Private managed inference has its own reason set that goes beyond throughput. The data boundary is contractual and architectural: your data reaches the inference server and returns; it does not enter a training pipeline, it does not pass through shared infrastructure, and the provider has accepted explicit constraints on what they can do with it. For organisations in regulated sectors – healthcare, legal, financial services – this is often the constraint that makes a project viable at all, and it holds regardless of request volume.

Self-hosted production infrastructure (vLLM on your own GPU instances) sits above that in operational complexity and below it in per-token cost at sustained scale. It is the right tier for organisations with GPU operations capability and volume high enough that the fixed infrastructure cost beats per-request pricing. The same weights, the same API surface.

Cloud GPU rental – rented H100s, A100s, or equivalent – covers burst capacity and model sizes that no local hardware can accommodate. Same again.

Why the tier reason matters

The usual way to frame this is cost: local is cheapest, cloud is most expensive, choose based on volume. That framing is correct but incomplete.
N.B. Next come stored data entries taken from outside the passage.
Lemma big_nat_recr_pred (V : nmodType) m n (F : nat -> V) : (m < n)%N ->
  \sum_(m <= j < n) F j = \sum_(m <= j < n.-1) F j + F n.-1.
Proof. by move=> mn; rewrite -{1}(ltn_predK mn) big_nat_recr // -ltnS (ltn_predK mn). Qed.

Section LogBounds.
Variable R : realType.

Lemma ln_le_lnM_expr (c x y : R) m : 0 < c -> 0 < x -> 0 < y ->
  y <= c * x ^+ m -> ln y <= ln c + m%:R * ln x.
Proof.
move=> c_gt0 x_gt0 y_gt0 y_le.
have cx_gt0 : 0 < c * x ^+ m by rewrite mulr_gt0 ?exprn_gt0.
by rewrite mulr_natl -lnXn // -lnM ?posrE ?exprn_gt0 // ler_ln ?posrE.
Qed.

Lemma ln_dist_expr (x y : R) m : 0 < x -> x ^+ m / 2 <= y <= 2 * x ^+ m ->
  `|ln y - m%:R * ln x| <= ln 2.
Proof.
move=> x_gt0 /andP[y_ge y_le].
have xm_gt0 : 0 < x ^+ m / 2 by rewrite divr_gt0 ?exprn_gt0.
have y_gt0 : 0 < y := lt_le_trans xm_gt0 y_ge.
have := ln_le_lnM_expr (ltr0n _ 2) x_gt0 y_gt0 y_le.
have : ln (x ^+ m / 2) <= ln y by rewrite ler_ln ?posrE.
rewrite ln_div ?posrE ?exprn_gt0 // lnXn // -mulr_natl ler_norml.
by move=> ? ?; apply/andP; split; lra.
Qed.

End LogBounds.

Section ComplexNorm.
Local Open Scope complex_scope.
Local Open Scope ring_scope.
Variable R : rcfType.
Implicit Types x y : R[i].

Lemma normc_ge0 x : 0 <= normc x.
Proof. by case: x => a b; apply: sqrtr_ge0. Qed.

Lemma normcX x n : normc (x ^+ n) = normc x ^+ n.
Proof. by elim: n => [|n IH]; rewrite ?expr0 ?normc1 // !exprS normcM IH. Qed.

Lemma normcB x y : normc (x - y) = normc (y - x).
Proof. by rewrite -normcN opprB. Qed.

Lemma normc_sum_le (I : Type) (r : seq I) (P : pred I) (F : I -> R[i]) :
  normc (\sum_(i <- r | P i) F i) <= \sum_(i <- r | P i) normc (F i).
Proof.
elim/big_rec2: _ => [|i x y _ le_xy]; first by rewrite normc0.
by apply: le_trans (le_normcD _ _) _; rewrite lerD2l.
Qed.

Lemma normc_prod (I : Type) (r : seq I) (P : pred I) (F : I -> R[i]) :
  normc (\prod_(i <- r | P i) F i) = \prod_(i <- r | P i) normc (F i).
Proof.
by elim/big_rec2: _ => [|i x y _ <-]; [exact: normc1 | exact: normcM].
Qed.

Lemma norm_normc x : `|x| = (normc x)%:C.
Proof. by case: x. Qed.

End ComplexNorm.

Section ComplexConvergence.
Local Open Scope complex_scope.
Local Open Scope ring_scope.
Variable R : realType.

Lemma cvg0_normc (f : nat -> (R[i])^o) (b : R ^nat) :
  b @ \oo --> 0 -> (forall n, normc (f n) <= b n) -> f @ \oo --> 0.
Proof.
move=> b0 f_le; apply/cvgr0Pnorm_lt => e; rewrite ltcE /= => /andP[/eqP Im0 Re_gt0].
apply: filterS (cvgr0_norm_lt _ b0 _ Re_gt0) => n /= bn.
rewrite norm_normc ltcE /= Im0 eqxx /=.
exact: le_lt_trans (f_le n) (le_lt_trans (ler_norm _) bn).
Qed.
Fixpoint grun (s : tree S Z) : Q -> option (tree D Y) :=
  match s with
  | Leaf z => fun q => lo q z
  | Node a ss =>
      let ps := map gstate ss in
      let rs := map grun ss in
      fun q => match dl_rhs M q a ps with
               | None => None
               | Some r => osubst (fun z : Q * nat =>
                             if z.2 is i.+1 then nth (fun _ => None) rs i z.1 else None) r
               end
  end.

Definition gtrans (s : tree S Z) : option (tree D Y) :=
  osubst (fun q => grun s q) (dl_ax M (gstate s)).
End Gen.

Definition stateM (s : tree S void) : P := gstate (@of_void P) s.
Definition qM (q : Q) (s : tree S void) : option (tree D void) :=
  grun (@of_void P) (fun _ z => of_void _ z) s q.
Definition transM (s : tree S void) : option (tree D void) :=
  gtrans (@of_void P) (fun _ z => of_void _ z) s.

(* M(C[p]) for a context C in T_S({bot}) (leaf tt is the hole) *)
Definition ctx_out (C : tree S unit) (p : P) : option (tree D (Q * P)) :=
  gtrans (fun _ => p) (fun q _ => Some (Leaf (q, p))) C.

Variables (rkS : S -> nat) (rkD : D -> nat).

Definition is_context (C : tree S unit) : Prop := wf rkS C /\ size (leaves C) = 1.

End Semantics.

Section Properties.
Variables (S D : Type) (rkS : S -> nat) (rkD : D -> nat).

Definition dtla_wf Q P (M : dtla S D Q P) : Prop :=
  (forall p, wf rkD (dl_ax M p)) /\
  (forall q a ps r, size ps = rkS a -> dl_rhs M q a ps = Some r ->
     wf rkD r /\ forall z, List.In z (leaves r) -> (0 < z.2 <= rkS a)).

Definition dtop_wf Q (N : dtop S D Q) : Prop :=
  wf rkD (dt_ax N) /\
  (forall q a, wf rkD (dt_rhs N q a) /\
     forall z, List.In z (leaves (dt_rhs N q a)) -> (0 < z.2 <= rkS a)).

Variables (Q P : Type) (M : dtla S D Q P).

Definition reachable (q : Q) : Prop :=
  exists C p t, is_context rkS C /\ ctx_out M C p = Some t /\ List.In (q, p) (leaves t).

Definition total_dtla : Prop := forall s, wf rkS s -> transM M s <> None.

Definition la_uniform (rho : Q -> P) : Prop :=
  (forall q s, wf rkS s -> (qM M q s <> None <-> stateM M s = rho q)) /\
  (forall p q, List.In q (leaves (dl_ax M p)) -> rho q = p) /\
  (forall q a ps r, size ps = rkS a -> dl_rhs M q a ps = Some r ->
     forall q' i, List.In (q', i) (leaves r) -> rho q' = nth (rho q') ps i.-1) /\
  (forall q a ps, size ps = rkS a ->
     (dl_rhs M q a ps <> None <-> dl_delta M a ps = rho q)).

Definition earliest : Prop :=
  ~ exists (q : Q) (d : D), forall s u, wf rkS s -> qM M q s = Some u -> root_is d u.

Definition distinct_translations : Prop :=
  forall q q' : Q, q <> q' -> exists s, wf rkS s /\ qM M q s <> qM M q' s.

Definition canonical (rho : Q -> P) : Prop :=
  [/\ total_dtla, la_uniform rho, earliest, forall q, reachable q
    & distinct_translations].
End Properties.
Each tier has a primary reason that is not cost. Local is about latency and offline capability. Private managed is about data sovereignty. Self-hosted is about cost at scale. Cloud rental is about capacity on demand. An organisation might sit at private managed inference not because it has outgrown local and not yet reached self-hosted, but because data sovereignty is a permanent requirement regardless of scale. A developer might run locally not because they cannot afford an API call but because they need the application to work on an aeroplane.

Understanding the reason clarifies when the tier should change. If the reason is data sovereignty, moving to a cheaper public API tier at higher volume is not a cost optimisation – it removes the property the architecture was built around. If the reason is latency, moving to a managed service adds a network hop that the reason for local specifically avoided.
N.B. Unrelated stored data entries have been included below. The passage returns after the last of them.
(* Integration by parts, written as the FTC for [- cos x sin^(k+1) x],
   whose derivative is [(k+2) sin^(k+2) x - (k+1) sin^k x]. *)
Lemma wallis_integral_rec (k : nat) :
  INR (k + 2) * wallis_integral (k + 2) = INR (k + 1) * wallis_integral k.
Proof.
  assert (H : is_RInt (fun x => INR (k + 2) * sin x ^ (k + 2) - INR (k + 1) * sin x ^ k)
                0 (PI / 2) (- cos (PI / 2) * sin (PI / 2) ^ (k + 1) - - cos 0 * sin 0 ^ (k + 1))).
  { apply (is_RInt_derive (fun x => - cos x * sin x ^ (k + 1))).
    - intros x _. auto_derive; [auto|].
      replace (k + 2)%nat with (S (S k)) by lia. replace (k + 1)%nat with (S k) by lia.
      rewrite !S_INR. simpl. pose proof (sin2_cos2 x) as Hsc. unfold Rsqr in Hsc.
      match goal with |- ?L = ?R =>
        assert (E : L - R = (INR k + 1) * sin x ^ k * (1 - (sin x * sin x + cos x * cos x)))
          by ring end.
      rewrite Hsc in E. lra.
    - intros x _. apply (@ex_derive_continuous R_AbsRing R_NormedModule).
      auto_derive. auto. }
  rewrite cos_PI2, sin_0 in H. replace (k + 1)%nat with (S k) in H at 2 by lia.
  assert (HI : is_RInt (fun x => INR (k + 2) * sin x ^ (k + 2) - INR (k + 1) * sin x ^ k)
                 0 (PI / 2) (INR (k + 2) * wallis_integral (k + 2) - INR (k + 1) * wallis_integral k)).
  { apply (is_RInt_minus (V := R_NormedModule));
      apply (is_RInt_scal (V := R_NormedModule)); unfold wallis_integral;
      apply (RInt_correct (V := R_CompleteNormedModule)), ex_RInt_sin_pow. }
  apply (is_RInt_unique (V := R_CompleteNormedModule)) in H.
  apply (is_RInt_unique (V := R_CompleteNormedModule)) in HI.
  rewrite HI in H. simpl in H. lra.
Qed.

Lemma wallis_integral_decr (k : nat) : wallis_integral (S k) <= wallis_integral k.
Proof.
  pose proof PI_RGT_0.
  apply RInt_le; [lra | apply ex_RInt_sin_pow | apply ex_RInt_sin_pow |].
  intros x Hx. simpl.
  assert (0 <= sin x) by (apply sin_ge_0; lra).
  pose proof (SIN_bound x). pose proof (pow_le (sin x) k ltac:(lra)). nra.
Qed.

(* [wallis_ratio n = (2n)! / (4^n n!^2) = prod_{i<n} (2i+1)/(2i+2)]. *)
Fixpoint wallis_ratio (n : nat) : R :=
  match n with
  | O => 1
  | S n => wallis_ratio n * (2 * INR n + 1) / (2 * INR n + 2)
  end.

Lemma wallis_ratio_pos (n : nat) : 0 < wallis_ratio n.
Proof.
  induction n as [|n IHn]; simpl; [lra|]. pose proof (pos_INR n).
  apply Rdiv_lt_0_compat; [apply Rmult_lt_0_compat|]; lra.
Qed.

Lemma wallis_integral_even_odd (n : nat) :
  wallis_integral (2 * n) = PI / 2 * wallis_ratio n /\
  wallis_integral (2 * n + 1) = / ((2 * INR n + 1) * wallis_ratio n).
Proof.
  induction n as [|n [Heven Hodd]].
  - simpl. rewrite wallis_integral_0, wallis_integral_1. split; field.
  - pose proof (pos_INR n). pose proof (wallis_ratio_pos n).
    pose proof (wallis_integral_rec (2 * n)) as Reven.
    pose proof (wallis_integral_rec (2 * n + 1)) as Rodd.
    replace (2 * n + 2)%nat with (2 * S n)%nat in Reven by lia.
    replace (2 * n + 1 + 2)%nat with (2 * S n + 1)%nat in Rodd by lia.
    replace (2 * n + 1 + 1)%nat with (2 * S n)%nat in Rodd by lia.
    replace (INR (2 * S n)) with (2 * INR n + 2) in Reven, Rodd
      by (rewrite ?plus_INR, ?mult_INR, ?S_INR; simpl (INR 0); ring).
    replace (INR (2 * n + 1)) with (2 * INR n + 1) in Reven
      by (rewrite ?plus_INR, ?mult_INR, ?S_INR; simpl (INR 0); ring).
    replace (INR (2 * S n + 1)) with (2 * INR n + 3) in Rodd
      by (rewrite ?plus_INR, ?mult_INR, ?S_INR; simpl (INR 0); ring).
    rewrite Heven in Reven. rewrite Hodd in Rodd.
    simpl wallis_ratio. rewrite S_INR.
    split.
    + apply (Rmult_eq_reg_l (2 * INR n + 2)); [rewrite Reven; field|]; lra.
    + apply (Rmult_eq_reg_l (2 * INR n + 3)); [rewrite Rodd; field|]; lra.
Qed.

Lemma wallis_ratio_lower (n : nat) :
  2 <= PI * (2 * INR n + 1) * wallis_ratio n ^ 2.
Proof.
  destruct (wallis_integral_even_odd n) as [Heven Hodd].
  pose proof (wallis_integral_decr (2 * n)) as D.
  replace (S (2 * n)) with (2 * n + 1)%nat in D by lia.
  rewrite Heven, Hodd in D.
  pose proof (wallis_ratio_pos n). pose proof (pos_INR n).
  apply (Rmult_le_compat_l (2 * (2 * INR n + 1) * wallis_ratio n)) in D; [|nra].
  replace (2 * (2 * INR n + 1) * wallis_ratio n * / ((2 * INR n + 1) * wallis_ratio n))
    with 2 in D by (field; lra).
  nra.
Qed.

Lemma wallis_ratio_upper (n : nat) :
  PI * (INR n + 1) * wallis_ratio (S n) ^ 2 <= 1.
Proof.
  destruct (wallis_integral_even_odd n) as [_ Hodd].
  destruct (wallis_integral_even_odd (S n)) as [Heven _].
  pose proof (wallis_integral_decr (2 * n + 1)) as D.
  replace (S (2 * n + 1)) with (2 * S n)%nat in D by lia.
  rewrite Heven, Hodd in D.
  pose proof (wallis_ratio_pos (S n)). pose proof (pos_INR n).
  replace ((2 * INR n + 1) * wallis_ratio n) with ((2 * INR n + 2) * wallis_ratio (S n)) in D
    by (simpl wallis_ratio; field; lra).
  apply (Rmult_le_compat_l (2 * (INR n + 1) * wallis_ratio (S n))) in D; [|nra].
  replace (2 * (INR n + 1) * wallis_ratio (S n) * / ((2 * INR n + 2) * wallis_ratio (S n)))
    with 1 in D by (field; lra).
  nra.
Qed.

Lemma wallis_product : is_lim_seq (fun n => INR (S n) * wallis_ratio (S n) ^ 2) (/ PI).
Proof.
  pose proof PI_RGT_0.
  apply (is_lim_seq_le_le (fun n => / PI - / PI * / (2 * INR n + 3)) _ (fun n => / PI)).
  - intros n. pose proof (pos_INR n).
    pose proof (wallis_ratio_lower (S n)). pose proof (wallis_ratio_upper n).
    rewrite S_INR in *. split.
    + apply (Rmult_le_reg_l (PI * (2 * INR n + 3))); [nra|].
      replace (PI * (2 * INR n + 3) * (/ PI - / PI * / (2 * INR n + 3)))
        with (2 * INR n + 2) by (field; lra).
      nra.
    + apply (Rmult_le_reg_l PI); [lra|]. rewrite Rinv_r by lra. nra.
  - assert (L : is_lim_seq (fun n => / PI - / PI * (/ 2 * / (INR n + 3 / 2)))
                  (/ PI - / PI * (/ 2 * 0))).
    { apply is_lim_seq_minus'; [apply is_lim_seq_const|].
      apply is_lim_seq_mult'; [apply is_lim_seq_const|].
      apply is_lim_seq_mult'; [apply is_lim_seq_const|].
      apply is_lim_seq_inv_INR_plus. lra. }
    rewrite Rmult_0_r, Rmult_0_r, Rminus_0_r in L.
    eapply is_lim_seq_ext; [|exact L]. intros n; cbv beta. pose proof (pos_INR n). field. lra.
  - apply is_lim_seq_const.
Qed.

(** * Stirling's formula *)

Lemma ln_1px_1mx_bounds (x : R) : 0 <= x < 1 ->
  2 * x <= ln (1 + x) - ln (1 - x) <= 2 * x + 2 * x ^ 3 / (3 * (1 - x ^ 2)).
Proof.
  intros Hx. split.
  - apply Rminus_le_0.
    apply (nonneg_of_deriv_nonneg (fun t => ln (1 + t) - ln (1 - t) - 2 * t)
             (fun t => 2 * t ^ 2 / (1 - t ^ 2))); [lra | |].
    + rewrite Rplus_0_r, Rminus_0_r, ln_1. ring.
    + intros t Ht. split.
      * auto_derive; [lra|]. field. nra.
      * apply Rmult_le_pos; [nra|]. apply Rlt_le, Rinv_0_lt_compat. nra.
  - apply Rminus_le_0.
    apply (nonneg_of_deriv_nonneg
             (fun t => 2 * t + 2 * t ^ 3 / (3 * (1 - t ^ 2)) - (ln (1 + t) - ln (1 - t)))
             (fun t => 4 * t ^ 4 / (3 * (1 - t ^ 2) ^ 2))); [lra | |].
    + rewrite Rplus_0_r, Rminus_0_r, ln_1. field.
    + intros t Ht. assert (0 < 1 - t ^ 2) by nra. split.
      * auto_derive; [repeat split; nra|]. field. repeat split; nra.
      * apply Rmult_le_pos; [nra|]. apply Rlt_le, Rinv_0_lt_compat.
        apply Rmult_lt_0_compat; [lra | apply pow_lt; lra].
Qed.

(* The substitution [x = 1 / (2y + 1)] turns [(1 + x) / (1 - x)] into [(y + 1) / y]. *)
Lemma stirling_step_bounds (y : R) : 1 <= y ->
  0 <= (y + / 2) * (ln (y + 1) - ln y) - 1 <= / 12 * (/ y - / (y + 1)).
Proof.
  intros Hy. set (x := / (2 * y + 1)).
  assert (Hx : 0 <= x < 1).
  { unfold x. split; [apply Rlt_le, Rinv_0_lt_compat; lra|].
    apply (Rmult_lt_reg_l (2 * y + 1)); [lra|]. rewrite Rinv_r; lra. }
  assert (E : ln (1 + x) - ln (1 - x) = ln (y + 1) - ln y).
  { replace (1 + x) with (2 * (y + 1) / (2 * y + 1)) by (unfold x; field; lra).
    replace (1 - x) with (2 * y / (2 * y + 1)) by (unfold x; field; lra).
    rewrite !ln_div, !ln_mult by lra. ring. }
  destruct (ln_1px_1mx_bounds x Hx) as [L U]. rewrite E in L, U.
  assert (K1 : (y + / 2) * (2 * x) = 1) by (unfold x; field; lra).
  assert (K2 : (y + / 2) * (2 * x ^ 3 / (3 * (1 - x ^ 2))) = / 12 * (/ y - / (y + 1))).
  { unfold x. field. repeat split; try lra; intros H; nra. }
  apply (Rmult_le_compat_l (y + / 2)) in L; [|lra].
  apply (Rmult_le_compat_l (y + / 2)) in U; [|lra].
  rewrite Rmult_plus_distr_l in U. lra.
Qed.

Definition ln_fact (n : nat) : R := ln (INR (fact n)).

Lemma ln_fact_0 : ln_fact 0 = 0.
Proof. apply ln_1. Qed.

Lemma ln_fact_S (n : nat) : ln_fact (S n) = ln_fact n + ln (INR (S n)).
Proof.
  unfold ln_fact. rewrite fact_simpl, mult_INR, ln_mult, Rplus_comm; [reflexivity| |].
  - apply lt_0_INR. lia.
  - apply INR_fact_lt_0.
Qed.

Lemma ln_fact_sum (N : nat) :
  ln_fact (S N) = sum_f_R0 (fun i => ln (INR (S N) - INR i)) N.
Proof.
  induction N as [|N IH].
  - rewrite ln_fact_S, ln_fact_0. simpl. rewrite Rminus_0_r. ring.
  - rewrite ln_fact_S, IH, (decomp_sum _ (S N)) by lia. simpl pred. simpl (INR 0).
    rewrite Rminus_0_r, Rplus_comm. f_equal. apply sum_eq. intros i _.
    rewrite (S_INR (S N)), (S_INR i). f_equal. ring.
Qed.

(* [ln n! - (n + 1/2) ln n + n] at [n = m + 1]. *)
Definition stirling_seq (m : nat) : R :=
  ln_fact (S m) - (INR (S m) + / 2) * ln (INR (S m)) + INR (S m).

Lemma stirling_seq_step (m : nat) :
  stirling_seq m - stirling_seq (S m)
  = (INR (S m) + / 2) * (ln (INR (S m) + 1) - ln (INR (S m))) - 1.
Proof.
  unfold stirling_seq. rewrite (ln_fact_S (S m)), (S_INR (S m)). ring.
Qed.

Lemma stirling_seq_decr (m : nat) : stirling_seq (S m) <= stirling_seq m.
Proof.
  pose proof (stirling_seq_step m).
  pose proof (stirling_step_bounds (INR (S m)) (le_INR 1 (S m) ltac:(lia))). lra.
Qed.

Lemma stirling_seq_lower (m : nat) : 11 / 12 <= stirling_seq m.
Proof.
  assert (Htel : forall k, stirling_seq 0 - / 12 * (1 - / INR (S k)) <= stirling_seq k).
  { induction k as [|k IH]; [change (INR 1) with 1; rewrite Rinv_1; lra|].
    pose proof (stirling_seq_step k).
    pose proof (stirling_step_bounds (INR (S k)) (le_INR 1 (S k) ltac:(lia))).
    rewrite (S_INR (S k)). lra. }
  assert (H0 : stirling_seq 0 = 1).
  { unfold stirling_seq. rewrite ln_fact_S, ln_fact_0. simpl. rewrite ln_1. ring. }
  assert (0 <= / INR (S m)) by (apply Rlt_le, Rinv_0_lt_compat, lt_0_INR; lia).
  specialize (Htel m). lra.
Qed.

Lemma ln_wallis_ratio (m : nat) :
  ln (wallis_ratio m) = ln_fact (2 * m) - 2 * ln_fact m - 2 * INR m * ln 2.
Proof.
  induction m as [|m IH].
  - simpl. rewrite ln_1, ln_fact_0. ring.
  - pose proof (pos_INR m). pose proof (wallis_ratio_pos m).
    replace (2 * S m)%nat with (S (S (2 * m))) by lia.
    rewrite !ln_fact_S. simpl wallis_ratio.
    rewrite ln_div, ln_mult, IH by nra.
    replace (INR (S (2 * m))) with (2 * INR m + 1)
      by (rewrite S_INR, mult_INR; simpl (INR 2); ring).
    replace (INR (S (S (2 * m)))) with (2 * (INR m + 1))
      by (rewrite !S_INR, mult_INR; simpl (INR 2); ring).
    replace (2 * INR m + 2) with (2 * (INR m + 1)) by ring.
    rewrite S_INR, ln_mult by lra. ring.
Qed.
Closed-model providers collapse this. The tier choice is also the data handling choice, the latency choice, and the offline capability choice, all at once, because they are all the same thing: whether your data goes to that provider’s servers. With open weights they separate. You can have private managed inference with high throughput. You can have local inference with the same model quality as production. The tier decision and the other decisions come apart, and you can make each one on its own terms.

What stays the same

The simplest demonstration of this is the code. An application built against Ollama on localhost:

from openai import OpenAI

client = OpenAI(
    base_url="http://localhost:11434/v1",
    api_key="ignored"
)

response = client.chat.completions.create(
    model="llama3.2",
    messages=[{"role": "user", "content": prompt}]
)

The same application against Marigold in production:

client = OpenAI(
    base_url="https://api.marigold.run/v1",
    api_key=MARIGOLD_API_KEY
)

response = client.chat.completions.create(
    model="llama3.2",
    messages=[{"role": "user", "content": prompt}]
)

Two lines change. The logic, the prompt structure, the response handling, the error handling, the retry behaviour – none of it changes, because none of it was ever specific to the infrastructure. It was always specific to the model and the task.
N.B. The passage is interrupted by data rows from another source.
(* Let $\mathbb{F}_2$ be the free group on $T_1,T_2$, $X=\{-1,1\}^{\mathbb{F}_2}$ with the product of uniform measures $m$ and the shift action $(gx)^h=x^{hg}$, and $X'=\{x\in X: gx\ne x$ for all $g\ne e\}$. Let $g_1,\dots,g_4$ be $T_1T_2^{-1},T_1^{-1}T_2,T_2T_1^{-1},T_2^{-1}T_1$ and $g_5,\dots,g_{16}$ the twelve distinct reduced-length-$4$ products of two of them. Let $K$ be the least number such that $X'$ can be partitioned into $K$ Borel sets $B_1,\dots,B_K$ with $x$ and $g_ix$ in different sets for all $i\le 16$, $x\in X'$; fix such a partition (each $B_j$ has positive measure) and put $\kappa(x)=j$ for $x\in B_j$. Let $N$ be an odd integer and $Q\subseteq X$ a Borel set with $m(Q)<1/512$ such that for every $x\in X'\setminus Q$ and every $j\le K$ there is $w\in\mathbb{F}_2$ of odd reduced length at most $N$ with $wx\in B_j$. For $x\in X$ let $t(x)=\{T_1x,T_2x\}$ if $x^e=1$ and $t(x)=\{T_1^{-1}x,T_2^{-1}x\}$ if $x^e=-1$. Let $Y=X\times\{1,2\}$ with measure $\tfrac12 m$ on each copy, $\mathbb{F}_2$ acting by $g(x,j)=(gx,j)$, and $\rho(x,1)=(x,2)$, $\rho(x,2)=(x,1)$; write $x$ for $(x,1)$. Define a graph on $Y$ with exactly the following edges: (a) distinct $x,y\in X'\setminus Q$ in the first copy are adjacent iff $t(x)\cap t(y)\ne\emptyset$; (b) for $x,y\in X'$, $\rho(x)$ and $\rho(y)$ are adjacent iff $y=wx$ for some $w$ of even reduced length at most $2N+10$ and $\kappa(y)\ne\kappa(x)$; (c) $x\in X'\setminus Q$ in the first copy is adjacent to $\rho(z)$ iff $z=wx$ for some $w$ of odd reduced length at most $N$ and $\kappa(z)\notin\kappa(t(x))$. Points of $Q$ in the first copy and points outside $X'$ have no other edges. Then proper vertex colouring of this graph with the colour set $\{1,\dots,K\}$ is paradoxical.
   Context: A colouring $c:Y\to\{1,\dots,K\}$ satisfies the proper colouring rule if for almost every vertex $v$, $c(v)\ne c(v')$ for all neighbours $v'$ of $v$. The rule is paradoxical if (a) some colouring (not necessarily measurable) satisfies it, and (b) there is no pair $(\mu,c)$ where $\mu$ is a finitely additive probability measure on an algebra $\mathcal{B}$ of subsets of $Y$, invariant under $\mathbb{F}_2$ and $\rho$, containing all measurable sets of the (completed) measure on $Y$ and extending it, and $c$ is a colouring satisfying the rule all of whose colour classes lie in $\mathcal{B}$. *)

From HB Require Import structures.
From mathcomp Require Import all_boot all_order all_algebra.
From mathcomp Require Import all_classical all_reals all_analysis.

Set Implicit Arguments.
Unset Strict Implicit.
Unset Printing Implicit Defensive.

Import Order.TTheory GRing.Theory Num.Theory.
Local Open Scope classical_set_scope.
Local Open Scope ring_scope.

(* A letter (a, b): a = false means T1, a = true means T2;
   b = false means the generator, b = true means its inverse. *)
Definition letter := (bool * bool)%type.
Definition linv (l : letter) : letter := (l.1, ~~ l.2).

Definition reducedb (s : seq letter) : bool :=
  if s is a :: t then path (fun a b => b != linv a) a t else true.

Definition red (s : seq letter) : seq letter :=
  foldr (fun a acc => if acc is b :: t then
                        (if b == linv a then t else a :: acc)
                      else [:: a]) [::] s.

Lemma red_reduced s : reducedb (red s).
Proof.
elim: s => [//|a s IH] /=.
case E: (red s) IH => [//|b t] /= H.
case: ifP => [_|/negbT Hb]; last by rewrite /= Hb.
by case: t H E => [//|c u] /= /andP[].
Qed.

Definition F2 := {s : seq letter | reducedb s}.

Definition F2len (g : F2) : nat := size (proj1_sig g).

Definition F2mul (g h : F2) : F2 :=
  exist _ (red (proj1_sig g ++ proj1_sig h)) (red_reduced _).

Definition F2e : F2 := exist _ [::] isT.
Definition F2let (l : letter) : F2 := exist _ [:: l] isT.
Definition T1 : F2 := F2let (false, false).
Definition T1i : F2 := F2let (false, true).
Definition T2 : F2 := F2let (true, false).
Definition T2i : F2 := F2let (true, true).

Definition g1 := F2mul T1 T2i.
Definition g2 := F2mul T1i T2.
Definition g3 := F2mul T2 T1i.
Definition g4 := F2mul T2i T1.
Definition gfour : seq F2 := [:: g1; g2; g3; g4].

Definition gset (g : F2) : Prop :=
  g \in gfour \/
  exists a b, a \in gfour /\ b \in gfour /\ F2len (F2mul a b) = 4%N /\
              g = F2mul a b.

(* x h = true encodes x^h = 1, x h = false encodes x^h = -1 *)
Definition X := F2 -> bool.

Definition act (g : F2) (x : X) : X := fun h => x (F2mul h g).

Definition cyl : set (set X) :=
  [set A | exists (h : F2) (b : bool), A = [set x : X | x h = b]].

Definition XT := g_sigma_algebraType cyl.

(* m is the product of uniform measures: every finite-dimensional cylinder
   with n distinct prescribed coordinates has measure 2^-n *)
Definition is_product_uniform (R : realType) (m : {measure set XT -> \bar R}) :=
  forall (n : nat) (f : 'I_n -> F2) (b : 'I_n -> bool), injective f ->
    m [set x : X | forall i, x (f i) = b i] = ((2 : R) ^- n)%:E.

Definition Xfree : set X := [set x | forall g : F2, g <> F2e -> act g x <> x].

Definition tset (x : X) : set X :=
  if x F2e then [set act T1 x; act T2 x] else [set act T1i x; act T2i x].

(* (x, false) is the first copy, (x, true) the second *)
Definition Y := (X * bool)%type.
Definition actY (g : F2) (v : Y) : Y := (act g v.1, v.2).
Definition rho (v : Y) : Y := (v.1, ~~ v.2).

Definition slice (A : set Y) (b : bool) : set X := [set x | A (x, b)].

Definition Yborel (A : set Y) : Prop :=
  measurable (slice A false : set XT) /\ measurable (slice A true : set XT).

Definition mY (R : realType) (m : {measure set XT -> \bar R}) (A : set Y) : \bar R :=
  ((2 : R)^-1)%:E * (m (slice A false) + m (slice A true))%E.

Definition Ycompl_meas (R : realType) (m : {measure set XT -> \bar R})
    (A : set Y) : Prop :=
  exists B1 B2, Yborel B1 /\ Yborel B2 /\ B1 `<=` A /\ A `<=` B2 /\
                mY m (B2 `\` B1) = 0%E.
This is what the private inference series on this blog has been building toward. The separation of model from infrastructure is not an architectural nicety. It is the property that makes the tier decision reversible, that makes local and production genuinely equivalent for testing purposes, and that removes the infrastructure tier from the list of permanent early decisions a project has to get right.

The decision you are making when you choose an open-weight model is not “which provider”. It is “which tier fits right now” – with the understanding that the answer is allowed to change.